● YOUR ASSIGNMENT:
Going through the listing below, tally the lines that contain the word "vector" and give only that figure.

● DATASET CONTENT:
BEGIN

(* Let $p=0$, $\alpha\in[0,1]$, $0\le h_1<\dots<h_N\le1$, and nonnegative weights $f_0^S(h_j),f_0^{NS}(h_j)$, $j=1,\dots,N$, each summing to $1$; set $f_0(h_j)=\alpha f_0^S(h_j)+(1-\alpha)f_0^{NS}(h_j)$ and assume $f_0(h_N)>0$; write $f_0([h_i,1])=\sum_{j\ge i}f_0(h_j)$, $f_0^S([h_i,1])=\sum_{j\ge i}f_0^S(h_j)$, $f_0^{NS}([h_i,1])=\sum_{j\ge i}f_0^{NS}(h_j)$. Let $m_0^{S,j}\in[-1,1]$ be given. Let $f^{NS,1},\dots,f^{NS,N}\in C([0,+\infty),P([-1,1]))$ (weak topology) with initial data $f_0^{NS,i}$, write $m^{NS,j}(t)=\int_{-1}^1w\,f^{NS,j}(t,dw)$, $$\beta_i(t)=\alpha\sum_{j\ge i}f_0^S(h_j)m_0^{S,j}+(1-\alpha)\sum_{j\ge i}f_0^{NS}(h_j)m^{NS,j}(t),$$ and assume that for all $i$, $t\ge0$ and $\phi\in C^1([-1,1])$, $$\int\phi\,df^{NS,i}(t)=\int\phi\,df_0^{NS,i}+\int_0^t\!\!\int_{-1}^1\phi'(w)\big(\beta_i(s)-f_0([h_i,1])w\big)f^{NS,i}(s,dw)\,ds.$$ Define $$m_\infty^{NS,N}=\begin{cases}\int_{-1}^1w\,f_0^{NS,N}(dw)&\text{if }\alpha f_0^S(h_N)=0,\\ m_0^{S,N}&\text{if }\alpha f_0^S(h_N)>0,\end{cases}$$ and recursively for $i=N-1,\dots,1$, $$m_\infty^{NS,i}=\frac{(1-\alpha)\sum_{j\ge i+1}f_0^{NS}(h_j)m_\infty^{NS,j}+\alpha\sum_{j\ge i}f_0^S(h_j)m_0^{S,j}}{\alpha f_0^S([h_i,1])+(1-\alpha)f_0^{NS}([h_{i+1},1])}.$$ Then $f^{NS,i}(t)\to\delta_{m_\infty^{NS,i}}$ weakly as $t\to+\infty$ for every $i=1,\dots,N$. In particular, if $\alpha f_0^S(h_i)=0$ for all $i=1,\dots,N-1$ (no stubborn individuals at levels $h_1,\dots,h_{N-1}$), then $m_\infty^{NS,i}=m_\infty^{NS,N}$ for $i=1,\dots,N-1$.
   Context: $P([-1,1])$ is the set of Borel probability measures on $[-1,1]$; $\delta_x$ is the Dirac mass at $x$. Interpretation: $f^{NS,i}(t)$ is the opinion distribution of non-stubborn individuals at hierarchy level $h_i$, $\alpha f_0^S(h_j)$ (resp. $(1-\alpha)f_0^{NS}(h_j)$) the proportion of stubborn (resp. non-stubborn) individuals at level $h_j$, $m_0^{S,j}$ the mean opinion of stubborn individuals at level $h_j$. The case $p=0$ means hierarchy is strictly respected. *)

From HB Require Import structures.
From mathcomp Require Import all_boot all_order all_algebra.
From mathcomp Require Import all_classical all_reals all_analysis.
Set Implicit Arguments. Unset Strict Implicit. Unset Printing Implicit Defensive.
Import Order.TTheory GRing.Theory Num.Theory.
Import numFieldNormedType.Exports.
Local Open Scope classical_set_scope.
Local Open Scope ring_scope.

Section Defs.
Variable R : realType.

(* Elements of P([-1,1]) are represented by probability measures on R
   giving full mass to [-1,1]. *)
Definition supported_in_I (mu : probability R R) : Prop :=
  mu `[-1, 1]%classic = 1%E.

Definition integI (mu : probability R R) (phi : R -> R) : R :=
  Rintegral mu `[-1, 1]%classic phi.

(* C^1 test functions (restrictions of C^1(R) functions to [-1,1]) *)
Definition C1fun (phi : R -> R) : Prop :=
  (forall x, derivable phi x 1) /\ continuous (derive1 phi).

Definition CIfun (phi : R -> R) : Prop := {within `[-1, 1]%classic, continuous phi}.

Variable n : nat. (* N = n.+1 hierarchy levels, indexed by 'I_n.+1 *)

Definition tail (g : 'I_n.+1 -> R) (i : 'I_n.+1) : R :=
  \sum_(j < n.+1 | (i <= j)%N) g j.

Definition stail (g : 'I_n.+1 -> R) (i : 'I_n.+1) : R :=
  \sum_(j < n.+1 | (i < j)%N) g j.

Variables (alpha : R) (fS fNS : 'I_n.+1 -> R) (mS : 'I_n.+1 -> R) (mN0 : R).

Definition minf_last : R :=
  if alpha * fS ord_max == 0 then mN0 else mS ord_max.

Definition minf_step (prev : 'I_n.+1 -> R) (i : 'I_n.+1) : R :=
  if i == ord_max then minf_last
  else ((1 - alpha) * stail (fun j => fNS j * prev j) i
        + alpha * tail (fun j => fS j * mS j) i)
       / (alpha * tail fS i + (1 - alpha) * stail fNS i).

(* m_infty^{NS,i}: the backward recursion i = N, N-1, ..., 1; after k
   iterations the values at the k top indices are the correct ones, so
   n.+1 iterations compute all of them. *)
Definition minf : 'I_n.+1 -> R := iter n.+1 minf_step (fun _ => 0).

End Defs.
(* Let $X$ be an infinite dimensional Banach space and let $(X_n)_{n=1}^\infty$ be a sequence of Banach spaces over $\mathbb{K}$ ($\mathbb{K}=\mathbb{R}$ or $\mathbb{C}$) having a subsequence $(X_{n_k})_{k=1}^\infty$ that contains isomorphs of $X$ uniformly. Then: (a) for every $0<p<\infty$, the set $\left(\sum_n X_n\right)_p\setminus \left(\sum_n X_n\right)_p^-$ is $\dim X$-spaceable in $\left(\sum_n X_n\right)_p$; (b) the set $\left(\sum_n X_n\right)_0\setminus \bigcup_{p>0}\left(\sum_n X_n\right)_p$ is $\dim X$-spaceable in $\left(\sum_n X_n\right)_0$.
   Context: For $0<p<\infty$, $\left(\sum_n X_n\right)_p$ is the space of all sequences $(x_n)_{n=1}^\infty$ with $x_n\in X_n$ for all $n$ and $\|(x_n)\|_p:=\left(\sum_{n=1}^\infty\|x_n\|_{X_n}^p\right)^{1/p}<\infty$; it is a Banach space for $p\ge1$ and a $p$-Banach space (complete $p$-normed) for $0<p<1$. $\left(\sum_n X_n\right)_0$ is the Banach space of sequences $(x_n)$ with $x_n\in X_n$ and $\|x_n\|_{X_n}\to0$, with the sup norm. $\left(\sum_n X_n\right)_p^-:=\bigcup_{0<q<p}\left(\sum_n X_n\right)_q$, viewed as a subset of $\left(\sum_n X_n\right)_p$; similarly $\bigcup_{p>0}\left(\sum_n X_n\right)_p\subseteq\left(\sum_n X_n\right)_0$. A family $(Y_i)_{i\in I}$ of Banach spaces contains isomorphs of $X$ uniformly if there exist $\delta>0$ and linear isomorphisms onto their images (isomorphic embeddings) $R_i\colon X\to Y_i$ with $\max\{\|R_i\|,\|R_i^{-1}\|\}\le\delta$ for every $i\in I$. For a cardinal $\mu$ and a subset $A$ of a topological vector space $E$, $A$ is called $\mu$-spaceable if $A\cup\{0\}$ contains a closed linear subspace of $E$ of algebraic dimension $\mu$. $\dim X$ denotes the algebraic (Hamel) dimension of $X$. *)

From Stdlib Require Import Reals List.
Open Scope R_scope.

(* ---------- Scalars: b = false means K = R, b = true means K = C = R*R ---------- *)
Definition Kt (b : bool) : Type := if b then (R * R)%type else R.
(* Let $Y$ be a (closed) hyperplane in $c_0$. Then $Y$ has property-$(HB)$ in $c_0$ if and only if $Y$ is an $M$-summand in $c_0$.
   Context: $c_0$ is the space of real null sequences with the sup norm; $c_0^*=\ell_1$. For a closed subspace $Y$ of $X$, $Y^\perp=\{x^*\in X^*:x^*|_Y=0\}$. $Y$ has property-$(HB)$ in $X$ if there is a linear projection $P$ on $X^*$ with range $Y^\perp$ and $\|P\|=1$ such that, writing $G=(I-P)(X^* )$, for every $x^*=y^\#+y^\perp$ with $y^\#\in G$, $0\ne y^\perp\in Y^\perp$, one has $\|x^*\|>\|y^\#\|$ and $\|x^*\|\ge\|y^\perp\|$. $Y$ is an $M$-summand in $X$ if there is a closed subspace $W$ with $X=Y\oplus W$ and $\|y+w\|=\max\{\|y\|,\|w\|\}$ for all $y\in Y,w\in W$. *)

From Stdlib Require Import Reals.
From Coquelicot Require Import Coquelicot.
Open Scope R_scope.

Definition seqR := nat -> R.
Definition sadd (x y : seqR) : seqR := fun n => x n + y n.
Definition sscal (a : R) (x : seqR) : seqR := fun n => a * x n.
Definition szero : seqR := fun _ => 0.

Definition c0 (x : seqR) : Prop := is_lim_seq x 0.
Definition c0norm (x : seqR) : R :=
  real (Lub_Rbar (fun r => exists n, r = Rabs (x n))).

(* c_0^* = l_1, acting by <f, x> = sum_n f n * x n, with the l_1 norm
   (the dual norm). *)
Definition l1 (f : seqR) : Prop := ex_series (fun n => Rabs (f n)).
Definition l1norm (f : seqR) : R := Series (fun n => Rabs (f n)).
Definition pairing (f x : seqR) : R := Series (fun n => f n * x n).

Definition closed_subspace_c0 (Y : seqR -> Prop) : Prop :=
  (forall y, Y y -> c0 y) /\
  Y szero /\
  (forall y z, Y y -> Y z -> Y (sadd y z)) /\
  (forall a y, Y y -> Y (sscal a y)) /\
  (forall x, c0 x ->
     (forall eps, 0 < eps -> exists y, Y y /\ c0norm (sadd x (sscal (-1) y)) < eps) ->
     Y x).

Definition hyperplane_c0 (Y : seqR -> Prop) : Prop :=
  closed_subspace_c0 Y /\
  exists x0, c0 x0 /\ ~ Y x0 /\
    forall x, c0 x -> exists y t, Y y /\ x = sadd y (sscal t x0).

Definition annih (Y : seqR -> Prop) (f : seqR) : Prop :=
  l1 f /\ forall y, Y y -> pairing f y = 0.

Definition property_HB_c0 (Y : seqR -> Prop) : Prop :=
  exists P : seqR -> seqR,
    (forall f, l1 f -> l1 (P f)) /\
    (forall a b f g, l1 f -> l1 g ->
        P (sadd (sscal a f) (sscal b g)) = sadd (sscal a (P f)) (sscal b (P g))) /\
    (forall f, l1 f -> P (P f) = P f) /\
    (forall f, l1 f -> annih Y (P f)) /\
    (forall g, annih Y g -> exists f, l1 f /\ P f = g) /\
    (forall f, l1 f -> l1norm (P f) <= l1norm f) /\
    (forall c, c < 1 -> exists f, l1 f /\ l1norm (P f) > c * l1norm f) /\
    (forall g h,
        (exists f, l1 f /\ g = sadd f (sscal (-1) (P f))) ->
        annih Y h -> h <> szero ->
        l1norm (sadd g h) > l1norm g /\ l1norm (sadd g h) >= l1norm h).

Definition M_summand_c0 (Y : seqR -> Prop) : Prop :=
  exists W : seqR -> Prop,
    closed_subspace_c0 W /\
    (forall x, Y x -> W x -> x = szero) /\
    (forall x, c0 x -> exists y w, Y y /\ W w /\ x = sadd y w) /\
    (forall y w, Y y -> W w -> c0norm (sadd y w) = Rmax (c0norm y) (c0norm w)).

From Stdlib Require Import Reals Lra Lia Classical FunctionalExtensionality PropExtensionality.
From Coquelicot Require Import Coquelicot.
Open Scope R_scope.

(* Both properties single out the coordinate hyperplanes E_i = {x : x_i = 0}.
   E_i is an M-summand with complement span e_i, and it has (HB) via P f = f_i e_i.
   Conversely, let w be a nonzero vector of an M-complement of Y with |w_i| = ||w||;
   any y in Y with y_i <> 0 can be scaled so that (y + w)_i overshoots |w_i|, breaking
   ||y + w|| = max(||y||, ||w||), so Y lies in E_i.  If Y has (HB) with projection P,
   then Y^perp is the line spanned by some phi = P f <> 0.  Were phi supported at two
   points, split it as phi = u + v with disjoint supports: ||P|| <= 1 forces
   P u = (||u|| / ||phi||) phi, and (HB) for u = (u - P u) + P u then gives
   ||v|| < ||u||; by symmetry ||u|| < ||v|| too. *)

Definition single (i : nat) (c : R) : seqR := fun n => if Nat.eq_dec n i then c else 0.

Lemma single_at i c : single i c i = c.
Proof. unfold single; destruct (Nat.eq_dec i i); congruence. Qed.

Lemma single_off i c n : n <> i -> single i c n = 0.
Proof. intro; unfold single; destruct (Nat.eq_dec n i); congruence. Qed.

Lemma sum_n_supp1 (a : seqR) i : (forall n, n <> i -> a n = 0) ->
  forall n, sum_n a n = if Compare_dec.le_dec i n then a i else 0.
Proof.
  intros Ha n; induction n as [|n IH].
  - rewrite sum_O. destruct (Compare_dec.le_dec i 0).
    + now replace i with 0%nat by lia.
    + apply Ha; lia.
  - rewrite sum_Sn, IH. change plus with Rplus.
    destruct (Nat.eq_dec (S n) i) as [<-|Hne].
    + destruct (Compare_dec.le_dec (S n) n), (Compare_dec.le_dec (S n) (S n)); try lia; lra.
    + rewrite (Ha _ Hne).
      destruct (Compare_dec.le_dec i n), (Compare_dec.le_dec i (S n)); try lia; lra.
Qed.

Lemma is_series_supp1 (a : seqR) i : (forall n, n <> i -> a n = 0) -> is_series a (a i).
Proof.
  intro Ha. change (is_lim_seq (sum_n a) (a i)).
  apply is_lim_seq_ext_loc with (fun _ => a i); [|apply is_lim_seq_const].
  exists i; intros n Hn. rewrite (sum_n_supp1 a i Ha).
  destruct (Compare_dec.le_dec i n); [reflexivity|lia].
Qed.

Lemma Series_supp1 (a : seqR) i : (forall n, n <> i -> a n = 0) -> Series a = a i.
Proof. intro Ha. now apply is_series_unique, is_series_supp1. Qed.

Lemma l1_single i c : l1 (single i c).
Proof.
  exists (Rabs (single i c i)). apply (is_series_supp1 (fun n => Rabs (single i c n))).
  intros n Hn. now rewrite single_off, Rabs_R0.
Qed.

Lemma l1norm_single i c : l1norm (single i c) = Rabs c.
Proof.
  unfold l1norm. rewrite (Series_supp1 _ i), single_at; [reflexivity|].
  intros n Hn. now rewrite single_off, Rabs_R0.
Qed.

Lemma pairing_single_r f i c : pairing f (single i c) = f i * c.
Proof.
  unfold pairing. rewrite (Series_supp1 _ i), single_at; [reflexivity|].
  intros n Hn. rewrite single_off by assumption. ring.
Qed.

Lemma pairing_single_l f i c : pairing (single i c) f = c * f i.
Proof.
  unfold pairing. rewrite (Series_supp1 _ i), single_at; [reflexivity|].
  intros n Hn. rewrite single_off by assumption. ring.
Qed.

Lemma l1_coord_le f i : l1 f -> Rabs (f i) <= l1norm f.
Proof.
  intro Hf. unfold l1norm. apply Rle_trans with (Series (single i (Rabs (f i)))).
  - rewrite (Series_supp1 _ i), single_at; [apply Rle_refl|].
    intros n Hn; now apply single_off.
  - apply Series_le; [|exact Hf]. intro n. unfold single.
    destruct (Nat.eq_dec n i) as [->|]; split; auto using Rabs_pos, Rle_refl.
Qed.

Lemma l1norm_ge0 f : l1 f -> 0 <= l1norm f.
Proof. intro Hf. apply Rle_trans with (Rabs (f 0%nat)); auto using Rabs_pos, l1_coord_le. Qed.

Lemma l1norm_pos_nonzero f : 0 < l1norm f -> exists n, f n <> 0.
Proof.
  intro Hpos. apply NNPP; intro Hz.
  assert (Hf0 : l1norm f = 0).
  { unfold l1norm. rewrite (Series_ext _ (fun n => 0 * Rabs (f n))), Series_scal_l; [ring|].
    intro n. destruct (Req_dec (f n) 0) as [->|Hn]; [rewrite Rabs_R0; ring|exfalso; eauto]. }
  lra.
Qed.

Lemma l1_add f g : l1 f -> l1 g -> l1 (sadd f g).
Proof.
  intros Hf Hg. unfold l1, sadd.
  apply (@ex_series_le R_AbsRing R_CompleteNormedModule) with (fun n => Rabs (f n) + Rabs (g n)).
  - intro n. change norm with Rabs. rewrite Rabs_Rabsolu. apply Rabs_triang.
  - now apply (ex_series_plus (fun n => Rabs (f n)) (fun n => Rabs (g n))).
Qed.

Lemma l1_scal f a : l1 f -> l1 (sscal a f).
Proof.
  intro Hf. unfold l1, sscal.
  apply ex_series_ext with (fun n => Rabs a * Rabs (f n)).
  - intro n; symmetry; apply Rabs_mult.
  - now apply (ex_series_scal_l (Rabs a) (fun n => Rabs (f n))).
Qed.

Lemma l1norm_scal f a : l1norm (sscal a f) = Rabs a * l1norm f.
Proof.
  unfold l1norm, sscal. rewrite <- Series_scal_l. apply Series_ext; intro n; apply Rabs_mult.
Qed.

Definition disjoint_supp (u v : seqR) : Prop := forall n, u n = 0 \/ v n = 0.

END

● RESPONSE AREA:
2